◆ Requirement:
Quote exactly the lines from the start of the entries to the one with "destruct (Req_dec t u) as [<-|Hne].", both ends included.

-- Supplied data follows --

Lemma ratio_bounded_up_to t u M : t <= u ->
  (forall v, t <= v < u -> g0 v <> 0 /\ Rabs (h v) < M) -> g0 t <> 0 ->
  g0 u <> 0 /\ Rabs (h u - h t) <= (K + 1) * (1 + M ^ 2) * (u - t).
Proof.
  intros Htu Hbelow Ht.
  destruct (Req_dec t u) as [<-|Hne].
  { split; [exact Ht|]; rewrite !Rminus_diag, Rabs_R0, Rmult_0_r; lra. }
  assert (Hu : g0 u <> 0).
  { intros Hz.
    assert (Hgrowth := sqr_le_sqr_mul_exp g0 g1 t u M Htu (fun x _ => g0_derive x)).
    rewrite Hz in Hgrowth.
    assert (g0 t ^ 2 <= 0); [|pose proof (pow2_gt_0 _ Ht); lra].
    replace 0 with (0 ^ 2 * exp (2 * M * (u - t))) by ring; apply Hgrowth.
    intros x Hx; destruct (Hbelow x ltac:(lra)) as [Hx0 HxM].
    unfold h in HxM; replace (g1 x) with (g1 x / g0 x * g0 x) by (field; exact Hx0).
    rewrite Rabs_mult; apply Rmult_le_compat_r; [apply Rabs_pos|lra]. }
  split; [exact Hu|].
  rewrite <- (Rabs_pos_eq (u - t)) by lra.
  apply (abs_sub_le_of_is_derive h (fun x => g2 x / g0 x - h x ^ 2));
    unfold Rmin, Rmax; destruct (Rle_dec t u) as [_|]; try lra.
  - intros x Hx; apply is_derive_ratio.
    destruct (Req_dec x u) as [->|Hxu]; [exact Hu|apply Hbelow; lra].
  - intros x Hx; destruct (Hbelow x ltac:(lra)) as [Hx0 HxM].
    apply ratio_derive_bound; [exact Hx0|lra].
Qed.

Lemma ratio_forward t s : g0 t <> 0 -> t <= s ->
  s - t < / (10 * (K + 1) * (1 + Rabs (h t))) ->
  g0 s <> 0 /\ Rabs (h s) <= 2 * (1 + Rabs (h t)).
Proof.
  intros Ht Hts Hclose.
  set (x := Rabs (h t)) in *; assert (Hx : 0 <= x) by apply Rabs_pos.
  assert (Hxdef : Rabs (h t) = x) by reflexivity.
  set (M := 2 * (1 + x)); assert (HM : M = 2 * (1 + x)) by reflexivity.
  assert (Hdrift : (K + 1) * (1 + M ^ 2) * (s - t) <= (1 + x) / 2).
  { apply (Rle_trans _ ((K + 1) * (1 + M ^ 2) * / (10 * (K + 1) * (1 + x)))).
    - apply Rmult_le_compat_l; [unfold M; nra|lra].
    - apply (Rmult_le_reg_r (10 * (K + 1) * (1 + x))); [nra|].
      rewrite Rmult_assoc, Rinv_l by nra; unfold M; nra. }
  enough (Hall : forall v, t <= v <= s -> g0 v <> 0 /\ Rabs (h v) < M)
    by (destruct (Hall s) as [Hs HsM]; [lra|split; [exact Hs|lra]]).
  apply real_induction; intros u Hu Hbelow.
  destruct (ratio_bounded_up_to t u M (proj1 Hu) Hbelow Ht) as [Hu0 Hdiff].
  assert (HuM : Rabs (h u) < M).
  { pose proof (Rabs_triang (h u - h t) (h t)); replace (h u - h t + h t) with (h u) in * by ring.
    assert ((K + 1) * (1 + M ^ 2) * (u - t) <= (K + 1) * (1 + M ^ 2) * (s - t))
      by (apply Rmult_le_compat_l; [unfold M; nra|lra]).
    lra. }
  destruct (ratio_bounded_near u M Hu0 HuM) as [e [He Hnear]].
  exists e; split; [exact He|]; intros v Hv.
  destruct (Rlt_dec v u) as [Hvu|Hvu]; [apply Hbelow; lra|apply Hnear, Rabs_def1; lra].
Qed.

-- Supplied data concluded --

◆ Your response:
Lemma ratio_bounded_up_to t u M : t <= u ->
  (forall v, t <= v < u -> g0 v <> 0 /\ Rabs (h v) < M) -> g0 t <> 0 ->
  g0 u <> 0 /\ Rabs (h u - h t) <= (K + 1) * (1 + M ^ 2) * (u - t).
Proof.
  intros Htu Hbelow Ht.
  destruct (Req_dec t u) as [<-|Hne].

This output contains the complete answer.